QSimCircuit objects can also contain parameterized gates which have values assigned by Cirq's ParamResolver. See the link above for details on how to use this feature.

GPU execution

QSimSimulator provides optional support for GPU execution of circuits, which may improve performance. In order to use this feature, qsim must be compiled on a device with the CUDA toolkit and run on a device with available NVIDIA GPUs.

Compilation for GPU follows the same steps outlined in the Compiling qsimcirq section. To compile with the NVIDIA cuStateVec library (v1.0.0 or higher is required), set the environmment variable CUQUANTUM_ROOT to the path to the cuStateVec library.

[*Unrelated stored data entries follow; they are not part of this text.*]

(* Let $(\omega,\gamma,\mu,c)$ be a normalized quasi-abelian 3-cocycle on a finite crossed module $(G,X,\partial)$. Let $H=H(\omega,\gamma,\mu,c)$ be the vector space with basis $\{t_xg\}_{(x,g)\in X\times G}$, with product $(t_xg)(t_yh)=\delta_{x,{}^hy}\,\gamma_{g,h}(y)^{-1}\,t_y(gh)$, unit $1=\sum_{x\in X}t_xe$, coproduct $\Delta(t_xg)=\sum_{a,b\in X,\ ab=x}\mu_g(a,b)\,t_ag\otimes t_bg$, counit $\varepsilon(t_xg)=\delta_{x,e}$, Drinfeld associator $\Phi=\sum_{x,y,z\in X}\omega(x,y,z)\,t_xe\otimes t_ye\otimes t_ze$, elements $\alpha=1$, $\beta=\sum_{x\in X}\omega(x^{-1},x,x^{-1})\,t_xe$, linear map $S(t_xg)=\frac{\gamma_{g^{-1},g}(x^{-1})}{\mu_g(x,x^{-1})}\,t_{{}^g(x^{-1})}g^{-1}$, and $R=\sum_{x,y\in X}c(x,y)\,t_xe\otimes t_y\partial(x)$. Then these data make $H$ a quasi-triangular quasi-Hopf algebra (with antipode $(S,\alpha,\beta)$, $S$ an algebra anti-automorphism) with universal $R$-matrix $R$.
   Context: $\mathbb{K}$ is an algebraically closed field of characteristic $0$. Quasi-Hopf and quasi-triangular quasi-Hopf algebras are in the sense of Drinfeld (as in Kassel, Quantum Groups, Chapter XV: a quasi-bialgebra $(H,\Delta,\varepsilon,\Phi)$ with antipode $(S,\alpha,\beta)$ and an invertible universal $R$-matrix). A finite crossed module is a triple $(G,X,\partial)$ with $G,X$ finite groups, $G$ acting on $X$ by automorphisms $(g,x)\mapsto {}^{g}x$, and $\partial:X\to G$ a homomorphism with ${}^{\partial(x)}x'=xx'x^{-1}$ and $\partial({}^gx)=g\partial(x)g^{-1}$. A quasi-abelian 3-cocycle on it is a quadruple $(\omega,\gamma,\mu,c)$ of functions $\omega:X^3\to\mathbb{K}^\times$, $(g,h,x)\mapsto\gamma_{g,h}(x)$ on $G\times G\times X$, $(g,x,y)\mapsto\mu_g(x,y)$ on $G\times X\times X$, $c:X^2\to\mathbb{K}^\times$, such that for all $g,h,k\in G$, $w,x,y,z\in X$: (a) $\omega(x,y,z)\omega(w,xy,z)\omega(w,x,y)=\omega(w,x,yz)\omega(wx,y,z)$; (b) $\gamma_{h,k}(x)\gamma_{g,hk}(x)=\gamma_{gh,k}(x)\gamma_{g,h}({}^kx)$; (c) $\frac{\mu_g(y,z)\mu_g(x,yz)}{\mu_g(xy,z)\mu_g(x,y)}=\frac{\omega({}^gx,{}^gy,{}^gz)}{\omega(x,y,z)}$; (d) $\frac{\gamma_{g,h}(x)\gamma_{g,h}(y)}{\gamma_{g,h}(xy)}=\frac{\mu_g({}^hx,{}^hy)\mu_h(x,y)}{\mu_{gh}(x,y)}$; (e) $\frac{c({}^gx,{}^gy)}{c(x,y)}=\frac{\mu_g(xyx^{-1},x)}{\mu_g(x,y)}\cdot\frac{\gamma_{g\partial(x)g^{-1},g}(y)}{\gamma_{g,\partial(x)}(y)}$; (f) $c(xy,z)=\frac{\omega(x,y,z)\,\omega((xy)z(xy)^{-1},x,y)}{\omega(x,yzy^{-1},y)\,\gamma_{\partial(x),\partial(y)}(z)}\,c(x,yzy^{-1})\,c(y,z)$; (g) $c(x,yz)=\frac{\omega(xyx^{-1},x,z)}{\omega(x,y,z)\,\omega(xyx^{-1},xzx^{-1},x)\,\mu_{\partial(x)}(y,z)}\,c(x,y)\,c(x,z)$. It is normalized if $\omega(x,y,z)=1$ whenever one of $x,y,z$ is $e$, $\gamma_{g,h}(x)=1$ whenever one of $g,h,x$ is $e$, $\mu_g(x,y)=1$ whenever one of $g,x,y$ is $e$, and $c(x,y)=1$ whenever $x$ or $y$ is $e$. *)

From HB Require Import structures.
From mathcomp Require Import all_boot all_order all_algebra all_fingroup.
Set Implicit Arguments. Unset Strict Implicit. Unset Printing Implicit Defensive.
Import GRing.Theory.
Local Open Scope ring_scope.

(* Generic quasi-triangular quasi-Hopf algebra axioms (Drinfeld / Kassel     *)
(* Ch. XV) for a finite-dimensional algebra H with a finite basis indexed by *)
(* the finType B, everything given in coordinates w.r.t. that basis.          *)
(* An element of H is f : B -> K (f = sum_p f p t_p); an element of H^{(x)n}  *)
(* is a function of n basis indices (coefficient of t_p1 (x) ... (x) t_pn).  *)
(*   m p q r   = coefficient of t_r in t_p t_q   (product)                    *)
(*   u         = coordinates of the unit 1                                    *)
(*   dl p q r  = coefficient of t_q (x) t_r in Delta(t_p)                     *)
(*   e p       = epsilon(t_p)                                                 *)
(*   Phi       = coordinates of the associator in H^{(x)3}                    *)
(*   alpha, beta in H;  Sm p q = coefficient of t_q in S(t_p);                *)
(*   Rm        = coordinates of the R-matrix in H^{(x)2}.                     *)
Section QuasiHopf.
Variables (K : fieldType) (B : finType).
Variables (m : B -> B -> B -> K) (u : B -> K) (dl : B -> B -> B -> K)
  (e : B -> K) (Phi : B -> B -> B -> K) (alpha beta : B -> K)
  (Sm : B -> B -> K) (Rm : B -> B -> K).

Definition dlt (q : B) : B -> K := fun p => (p == q)%:R.

Definition mulH (f g : B -> K) : B -> K :=
  fun r => \sum_p \sum_q f p * g q * m p q r.
Definition mul2 (F G : B -> B -> K) : B -> B -> K :=
  fun r1 r2 => \sum_p1 \sum_p2 \sum_q1 \sum_q2
    F p1 p2 * G q1 q2 * m p1 q1 r1 * m p2 q2 r2.
Definition mul3 (F G : B -> B -> B -> K) : B -> B -> B -> K :=
  fun r1 r2 r3 => \sum_p1 \sum_p2 \sum_p3 \sum_q1 \sum_q2 \sum_q3
    F p1 p2 p3 * G q1 q2 q3 * m p1 q1 r1 * m p2 q2 r2 * m p3 q3 r3.
Definition mul4 (F G : B -> B -> B -> B -> K) : B -> B -> B -> B -> K :=
  fun r1 r2 r3 r4 => \sum_p1 \sum_p2 \sum_p3 \sum_p4
    \sum_q1 \sum_q2 \sum_q3 \sum_q4
    F p1 p2 p3 p4 * G q1 q2 q3 q4 *
    m p1 q1 r1 * m p2 q2 r2 * m p3 q3 r3 * m p4 q4 r4.

Definition one2 : B -> B -> K := fun r1 r2 => u r1 * u r2.
Definition one3 : B -> B -> B -> K := fun r1 r2 r3 => u r1 * u r2 * u r3.
Definition one4 : B -> B -> B -> B -> K :=
  fun r1 r2 r3 r4 => u r1 * u r2 * u r3 * u r4.

Definition DeltaH (f : B -> K) : B -> B -> K :=
  fun q r => \sum_p f p * dl p q r.
Definition epsH (f : B -> K) : K := \sum_p f p * e p.
Definition SH (f : B -> K) : B -> K := fun q => \sum_p f p * Sm p q.

Definition id_D (F : B -> B -> K) : B -> B -> B -> K :=
  fun s1 s2 s3 => \sum_p F s1 p * dl p s2 s3.
Definition D_id (F : B -> B -> K) : B -> B -> B -> K :=
  fun s1 s2 s3 => \sum_p F p s3 * dl p s1 s2.
Definition id_id_D (F : B -> B -> B -> K) : B -> B -> B -> B -> K :=
  fun s1 s2 s3 s4 => \sum_p F s1 s2 p * dl p s3 s4.
Definition id_D_id (F : B -> B -> B -> K) : B -> B -> B -> B -> K :=
  fun s1 s2 s3 s4 => \sum_p F s1 p s4 * dl p s2 s3.
Definition D_id_id (F : B -> B -> B -> K) : B -> B -> B -> B -> K :=
  fun s1 s2 s3 s4 => \sum_p F p s3 s4 * dl p s1 s2.
Definition eps_id (F : B -> B -> K) : B -> K := fun q => \sum_p F p q * e p.
Definition id_eps (F : B -> B -> K) : B -> K := fun p => \sum_q F p q * e q.
Definition id_eps_id (F : B -> B -> B -> K) : B -> B -> K :=
  fun p r => \sum_q F p q r * e q.

(* leg notation: for T = sum X (x) Y (x) Z, T_{ijk} puts X in slot i,
   Y in slot j, Z in slot k (Drinfeld's convention). *)
Definition leg312 (F : B -> B -> B -> K) := fun s1 s2 s3 => F s3 s1 s2.
Definition leg132 (F : B -> B -> B -> K) := fun s1 s2 s3 => F s1 s3 s2.
Definition leg231 (F : B -> B -> B -> K) := fun s1 s2 s3 => F s2 s3 s1.
Definition leg213 (F : B -> B -> B -> K) := fun s1 s2 s3 => F s2 s1 s3.
Definition leg12 (F : B -> B -> K) := fun s1 s2 s3 => F s1 s2 * u s3.
Definition leg13 (F : B -> B -> K) := fun s1 s2 s3 => F s1 s3 * u s2.
Definition leg23 (F : B -> B -> K) := fun s1 s2 s3 => u s1 * F s2 s3.
Definition flip (F : B -> B -> K) := fun s1 s2 => F s2 s1.
Definition one_tensor (F : B -> B -> B -> K) :=
  fun s1 s2 s3 s4 => u s1 * F s2 s3 s4.
Definition tensor_one (F : B -> B -> B -> K) :=
  fun s1 s2 s3 s4 => F s1 s2 s3 * u s4.

Definition is_assoc_algebra : Prop :=
  (forall f g h, mulH (mulH f g) h = mulH f (mulH g h)) /\
  (forall f, mulH u f = f) /\ (forall f, mulH f u = f).

Definition quasi_bialgebra_ax (Phii : B -> B -> B -> K) : Prop :=
  (forall f g, DeltaH (mulH f g) = mul2 (DeltaH f) (DeltaH g)) /\
  DeltaH u = one2 /\
  (forall f g, epsH (mulH f g) = epsH f * epsH g) /\
  epsH u = 1 /\
  mul3 Phi Phii = one3 /\ mul3 Phii Phi = one3 /\
  (forall f, id_D (DeltaH f) = mul3 (mul3 Phi (D_id (DeltaH f))) Phii) /\
  mul4 (id_id_D Phi) (D_id_id Phi) =
    mul4 (mul4 (one_tensor Phi) (id_D_id Phi)) (tensor_one Phi) /\
  (forall f, eps_id (DeltaH f) = f) /\ (forall f, id_eps (DeltaH f) = f) /\
  id_eps_id Phi = one2.

Definition antipode_ax (Phii : B -> B -> B -> K) : Prop :=
  bijective SH /\
  (forall f g, SH (mulH f g) = mulH (SH g) (SH f)) /\ SH u = u /\
  (forall f, (fun r => \sum_q1 \sum_q2 DeltaH f q1 q2 *
                 mulH (mulH (SH (dlt q1)) alpha) (dlt q2) r)
             = (fun r => epsH f * alpha r)) /\
  (forall f, (fun r => \sum_q1 \sum_q2 DeltaH f q1 q2 *
                 mulH (mulH (dlt q1) beta) (SH (dlt q2)) r)
             = (fun r => epsH f * beta r)) /\
  (fun r => \sum_p1 \sum_p2 \sum_p3 Phi p1 p2 p3 *
     mulH (mulH (mulH (mulH (dlt p1) beta) (SH (dlt p2))) alpha) (dlt p3) r)
    = u /\
  (fun r => \sum_p1 \sum_p2 \sum_p3 Phii p1 p2 p3 *
     mulH (mulH (mulH (mulH (SH (dlt p1)) alpha) (dlt p2)) beta) (SH (dlt p3)) r)
    = u.

Definition quasitriangular_ax (Phii : B -> B -> B -> K) (Ri : B -> B -> K)
  : Prop :=
  mul2 Rm Ri = one2 /\ mul2 Ri Rm = one2 /\
  (forall f, flip (DeltaH f) = mul2 (mul2 Rm (DeltaH f)) Ri) /\
  D_id Rm = mul3 (mul3 (mul3 (mul3 (leg312 Phi) (leg13 Rm)) (leg132 Phii))
                   (leg23 Rm)) Phi /\
  id_D Rm = mul3 (mul3 (mul3 (mul3 (leg231 Phii) (leg13 Rm)) (leg213 Phi))
                   (leg12 Rm)) Phii.

Definition quasitriangular_quasiHopf : Prop :=
  is_assoc_algebra /\
  exists (Phii : B -> B -> B -> K) (Ri : B -> B -> K),
    quasi_bialgebra_ax Phii /\ antipode_ax Phii /\ quasitriangular_ax Phii Ri.

End QuasiHopf.

Section CrossedModule.
Variables (K : fieldType) (G X : finGroupType)
  (act : G -> X -> X) (d : X -> G).

Definition crossed_module : Prop :=
  (forall x, act 1%g x = x) /\
  (forall g h x, act (g * h)%g x = act g (act h x)) /\
  (forall g x y, act g (x * y)%g = (act g x * act g y)%g) /\
  (forall x y, d (x * y)%g = (d x * d y)%g) /\
  (forall x x', act (d x) x' = (x * x' * x^-1)%g) /\
  (forall g x, d (act g x) = (g * d x * g^-1)%g).

Variables (omega : X -> X -> X -> K) (gamma : G -> G -> X -> K)
  (mu : G -> X -> X -> K) (c : X -> X -> K).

QSimOptions provides five parameters to configure GPU execution. use_gpu is required to enable GPU execution:

  • use_gpu: if True, use GPU instead of CPU for simulation.
  • gpu_mode: use CUDA if set to 0 (default value) or use the NVIDIA cuStateVec library if set to any other value.

If use_gpu is set and gpu_mode is set to 0, the remaining parameters can optionally be set to fine-tune StateSpace performance for a specific device. In most cases, the default values provide good performance.

  • gpu_state_threads: number of threads per CUDA block to use for the GPU StateSpace. This must be a power of 2 in the range [32, 1024].
  • gpu_data_blocks: number of data blocks to use for the GPU StateSpace. Below 16 data blocks, performance is noticeably reduced.